Stored data:

(* Let $N$ be a positive integer, $a,b,c\in\mathbb{R}$ with $a\neq0$, $W=[w_{ij}]\in\mathbb{R}^{N\times N}$ with $w_{ii}=0$ for all $i$, $\Delta=\mathrm{diag}(\delta_1,\dots,\delta_N)$ with $\delta_i\in\{0,1\}$, and $h>0$. Put $\Phi_s=e^{ah}I_N+\frac{c}{a}(e^{ah}-1)W$ and $\Psi_s=\frac{b}{a}(e^{ah}-1)\Delta$. If the pair $(W,\Delta)$ is controllable, $b\neq0$ and $c\neq0$, then the discrete-time system $X(k+1)=\Phi_sX(k)+\Psi_sU(k)$ is controllable.
   Context: This is the networked sampled-data system with one-dimensional node dynamics (node state matrix $a$, input matrix $b$, and inner coupling $HC=c$). The discrete-time system $X(k+1)=\Phi_sX(k)+\Psi_sU(k)$, $X(k)\in\mathbb{R}^N$, $U(k)\in\mathbb{R}^N$, is called controllable if every initial state can be steered to the origin in finitely many steps. For $F\in\mathbb{C}^{q\times q}$, $G\in\mathbb{C}^{q\times s}$, the pair $(F,G)$ is called controllable if $\mathrm{rank}[sI_q-F,\ G]=q$ for every $s\in\mathbb{C}$. *)

From HB Require Import structures.
From mathcomp Require Import all_boot all_order all_algebra.
From mathcomp Require Import complex.
From mathcomp Require Import reals sequences.
Set Implicit Arguments. Unset Strict Implicit. Unset Printing Implicit Defensive.
Import Order.TTheory GRing.Theory Num.Theory.
Local Open Scope ring_scope.

Definition pair_controllable (K : fieldType) (q s : nat)
  (F : 'M[K]_q) (G : 'M[K]_(q, s)) : Prop :=
  forall z : K, \rank (row_mx (z%:M - F) G) = q.

Fixpoint traj (K : pzRingType) (N : nat) (Phi Psi : 'M[K]_N) (X0 : 'cV[K]_N)
  (U : nat -> 'cV[K]_N) (k : nat) : 'cV[K]_N :=
  match k with
  | 0 => X0
  | k'.+1 => Phi *m traj Phi Psi X0 U k' + Psi *m U k'
  end.

Definition dt_controllable (K : pzRingType) (N : nat) (Phi Psi : 'M[K]_N) : Prop :=
  forall X0 : 'cV[K]_N, exists (k : nat) (U : nat -> 'cV[K]_N),
    traj Phi Psi X0 U k = 0.

Definition cplx_mx (R : rcfType) (m n : nat) (A : 'M[R]_(m, n)) : 'M[complex R]_(m, n) :=
  map_mx (fun x : R => Complex x 0) A.

From HB Require Import structures.
From mathcomp Require Import all_boot all_order all_algebra.
From mathcomp Require Import complex.
From mathcomp Require Import reals sequences exp.
Set Implicit Arguments.
Unset Strict Implicit.
Unset Printing Implicit Defensive.
Import Order.TTheory GRing.Theory Num.Theory.
Local Open Scope ring_scope.

(* Hautus test.  Once the Krylov space spanned by B, AB, A^2 B, ... stops
   growing, its left annihilator is A-invariant and killed by B; over C an
   A-invariant nonzero subspace contains a left eigenvector, so if no left
   eigenvector of A is killed by B the Krylov space is everything, A^k X0
   lies in it and k inputs cancel it.  Here the coefficient (c/a)(e^(ah) - 1)
   of W in Phi_s is nonzero, so left eigenvectors of Phi_s are left
   eigenvectors of W, and Psi_s is a nonzero multiple of Delta: the rank condition on
   [sI - W, Delta] is exactly the Hautus condition. *)

Lemma traj_sum (K : pzRingType) n (A B : 'M[K]_n) X0 U k :
  traj A B X0 U k = A ^+ k *m X0 + \sum_(j < k) A ^+ j *m B *m U (k.-1 - j)%N.
Proof.
have AS j : A *m A ^+ j = A ^+ j.+1 by rewrite exprS mulmxE.
elim: k => [|k IH] /=; first by rewrite expr0 mul1mx big_ord0 addr0.
rewrite IH mulmxDr mulmxA AS mulmx_sumr big_ord_recl /= expr0 mul1mx subn0.
rewrite -addrA; congr (_ + _); rewrite addrC; congr (_ + _).
apply: eq_bigr => j _; rewrite /= !mulmxA AS /bump /= add1n.
by rewrite subnS predn_sub.
Qed.

Section Krylov.
Variables (F : fieldType) (n : nat) (A B : 'M[F]_n).

(* Transposed, since mxalgebra works with row spaces: this is the column space
   of [B, AB, ..., A^(k-1) B]. *)
Definition krylov_mx k := (\sum_(j < k) (A ^+ j *m B)^T)%MS.

Lemma krylov_mxS k : (krylov_mx k <= krylov_mx k.+1)%MS.
Proof. by rewrite /krylov_mx big_ord_recr /= addsmxSl. Qed.

Lemma krylov_mxMtr k : (krylov_mx k *m A^T <= krylov_mx k.+1)%MS.
Proof.
rewrite /krylov_mx sumsmxMr; apply/sumsmx_subP => j _.
rewrite -trmx_mul mulmxA mulmxE -exprS.
exact: (sumsmx_sup (Ordinal (ltn_ord j : (j.+1 < k.+1)%N))).
Qed.

Lemma trmx_sub_krylov_mx k : (B^T <= krylov_mx k.+1)%MS.
Proof. by apply: (sumsmx_sup ord0) => //=; rewrite expr0 mul1mx. Qed.

Lemma krylov_mx_stationary : exists k, (krylov_mx k.+1 <= krylov_mx k)%MS.
Proof.
have [k stat_k | grow] :=
  pickP (fun k : 'I_n.+1 => (krylov_mx k.+1 <= krylov_mx k)%MS).
  by exists k.
have rank_ge k : (k <= n.+1)%N -> (k <= \rank (krylov_mx k))%N.
  elim: k => [//|k IH] lt_k_n.
  have ltS : (krylov_mx k < krylov_mx k.+1)%MS.
    by rewrite ltmxE krylov_mxS (grow (Ordinal lt_k_n)).
  exact: leq_ltn_trans (IH (ltnW lt_k_n)) (rank_ltmx ltS).
by have := leq_trans (rank_ge _ (leqnn _)) (rank_leq_col _); rewrite ltnn.
Qed.

Lemma krylov_mx_full :
    (forall K : 'M[F]_n, (K *m A <= K)%MS -> K *m B = 0 -> K = 0) ->
  exists k, row_full (krylov_mx k.+1).
Proof.
move=> no_invariant; have [k stat_k] := krylov_mx_stationary.
exists k; set S := krylov_mx k.+1.
have SA : (S *m A^T <= S)%MS.
  exact: submx_trans (submxMr _ stat_k) (krylov_mxMtr _).
set K := kermx S^T.
have KA : (K *m A <= K)%MS.
  apply/sub_kermxP; case/submxP: SA => D /(congr1 trmx).
  rewrite !trmx_mul trmxK => AS.
  by rewrite -mulmxA AS mulmxA mulmx_ker mul0mx.
have KB : K *m B = 0.
  case/submxP: (trmx_sub_krylov_mx k) => D /(congr1 trmx).
  by rewrite trmxK trmx_mul => ->; rewrite mulmxA mulmx_ker mul0mx.
have /eqP := no_invariant K KA KB.
rewrite -mxrank_eq0 mxrank_ker mxrank_tr subn_eq0 => rank_S.
by rewrite /row_full eqn_leq rank_leq_col.
Qed.

Lemma dt_controllable_krylov_full k :
  row_full (krylov_mx k.+1) -> dt_controllable A B.
Proof.
move=> full X0.
have /sub_sumsmxP [u def_u] : ((A ^+ k.+1 *m X0)^T <= krylov_mx k.+1)%MS.
  exact: submx_full.
exists k.+1, (fun i => - (u (inord (k - i)))^T); rewrite traj_sum.
have -> : A ^+ k.+1 *m X0 = \sum_(j < k.+1) A ^+ j *m B *m (u j)^T.
  rewrite -[LHS]trmxK def_u raddf_sum /=; apply: eq_bigr => j _.
  by rewrite trmx_mul trmxK.
rewrite -big_split big1 // => j _ /=.
by rewrite subKn ?leq_ord // inord_val mulmxN subrr.
Qed.

End Krylov.

Lemma stablemx_eigenvector (C : closedFieldType) m n
    (K : 'M[C]_(m, n)) (A : 'M[C]_n) :
  (K *m A <= K)%MS -> K != 0 ->
  exists z, exists2 v : 'rV_n, (v <= K)%MS & v != 0 /\ v *m A = z *: v.
Proof.
move=> KA K0; set B := row_base K.
have BA : (B *m A <= B)%MS by rewrite stablemx_row_base.
have : size (char_poly (conjmx B A)) != 1%N.
  by rewrite size_char_poly; move: K0; rewrite -mxrank_eq0; case: (\rank K).
case/closed_rootP => z; rewrite -eigenvalue_root_char => /eigenvalueP [w wE w0].
have : (w <= eigenspace (conjmx B A) z)%MS by apply/eigenspaceP.
rewrite sub_eigenspace_conjmx ?row_base_free // => /eigenspaceP vE.
exists z, (w *m B); last by rewrite mulmx_free_eq0 ?row_base_free.
by rewrite (submx_trans (submxMl w B)) // eq_row_base.
Qed.

Lemma hautus_dt_controllable (F : fieldType) (C : closedFieldType)
    (f : {rmorphism F -> C}) n (A B : 'M[F]_n) :
    (forall z (v : 'rV[C]_n),
       v *m map_mx f A = z *: v -> v *m map_mx f B = 0 -> v = 0) ->
  dt_controllable A B.
Proof.
move=> hautus.
suff [k] : exists k, row_full (krylov_mx A B k.+1).
  exact: dt_controllable_krylov_full.
apply: krylov_mx_full => K KA KB; apply/eqP.
rewrite -(inj_eq (@map_mx_inj _ _ f _ _)) map_mx0; apply/negPn/negP => Kf0.
have KfA : (map_mx f K *m map_mx f A <= map_mx f K)%MS.
  by rewrite -map_mxM map_submx.
have [z [v vK [v0 vA]]] := stablemx_eigenvector KfA Kf0.
have vB : v *m map_mx f B = 0.
  by case/submxP: vK => D ->; rewrite -mulmxA -map_mxM KB map_mx0 mulmx0.
by rewrite (hautus z v vA vB) eqxx in v0.
Qed.

Lemma pair_controllable_left_eigen (K : fieldType) q s
    (A : 'M[K]_q) (B : 'M[K]_(q, s)) z (v : 'rV_q) :
  pair_controllable A B -> v *m A = z *: v -> v *m B = 0 -> v = 0.
Proof.
move=> ctrl vA vB; apply/eqP; rewrite -submx0.
have /eqP <- : kermx (row_mx (z%:M - A) B) == 0.
  by rewrite -mxrank_eq0 mxrank_ker ctrl subnn.
apply/sub_kermxP.
by rewrite mul_mx_row vB mulmxBr vA mul_mx_scalar subrr row_mx0.
Qed.

Lemma left_eigen_scalar_shift (K : fieldType) n (A : 'M[K]_n) e al z
    (v : 'rV_n) :
  al != 0 -> v *m (e%:M + al *: A) = z *: v -> v *m A = ((z - e) / al) *: v.
Proof.
move=> al0; rewrite mulmxDr mul_mx_scalar -scalemxAr => vA.
apply: (scalerI al0); rewrite scalerA mulrC mulfVK // scalerBl -vA.
by rewrite addrC addKr.
Qed.

Lemma expR_sub1_neq0 (R : realType) (x : R) : x != 0 -> expR x - 1 != 0.
Proof.
by move=> x0; rewrite subr_eq0 -expR0; apply: contra x0 => /eqP/expR_inj ->.
Qed.

Theorem corollary8 (R : realType) (N : nat) (a b c h : R)
  (W : 'M[R]_N) (delta : 'I_N -> R) :
  (0 < N)%N -> a != 0 ->
  (forall i : 'I_N, W i i = 0) ->
  (forall i : 'I_N, delta i = 0 \/ delta i = 1) ->
  0 < h ->
  pair_controllable (cplx_mx W) (cplx_mx (diag_mx (\row_i delta i))) ->
  b != 0 -> c != 0 ->
  dt_controllable
    ((expR (a * h))%:M + (c / a * (expR (a * h) - 1)) *: W)
    ((b / a * (expR (a * h) - 1)) *: diag_mx (\row_i delta i)).
Proof.
move=> _ a0 _ _ h0 ctrl b0 c0.
have e1 : expR (a * h) - 1 != 0.
  by rewrite expR_sub1_neq0 // mulf_neq0 ?(lt0r_neq0 h0).
set al := c / a * _; set be := b / a * _.
have al0 : al != 0 by rewrite !mulf_neq0 ?invr_eq0.
have be0 : be != 0 by rewrite !mulf_neq0 ?invr_eq0.
apply: (@hautus_dt_controllable _ _ (real_complex R)) => z v vPhi vPsi.
apply: (pair_controllable_left_eigen ctrl).
  move: vPhi; rewrite map_mxD map_scalar_mx map_mxZ.
  by apply: left_eigen_scalar_shift; rewrite fmorph_eq0.
apply/eqP; move: vPsi; rewrite map_mxZ -scalemxAr => /eqP.
by rewrite scaler_eq0 fmorph_eq0 (negbTE be0).
Qed.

TASK DESCRIPTION:
What do the lines above say from the one containing "by rewrite trmx_mul trmxK." down to the one containing "move=> KA K0; set B := row_base K."? Return them exactly, both end lines included, and only them.

YOUR RESPONSE:
  by rewrite trmx_mul trmxK.
rewrite -big_split big1 // => j _ /=.
by rewrite subKn ?leq_ord // inord_val mulmxN subrr.
Qed.

End Krylov.

Lemma stablemx_eigenvector (C : closedFieldType) m n
    (K : 'M[C]_(m, n)) (A : 'M[C]_n) :
  (K *m A <= K)%MS -> K != 0 ->
  exists z, exists2 v : 'rV_n, (v <= K)%MS & v != 0 /\ v *m A = z *: v.
Proof.
move=> KA K0; set B := row_base K.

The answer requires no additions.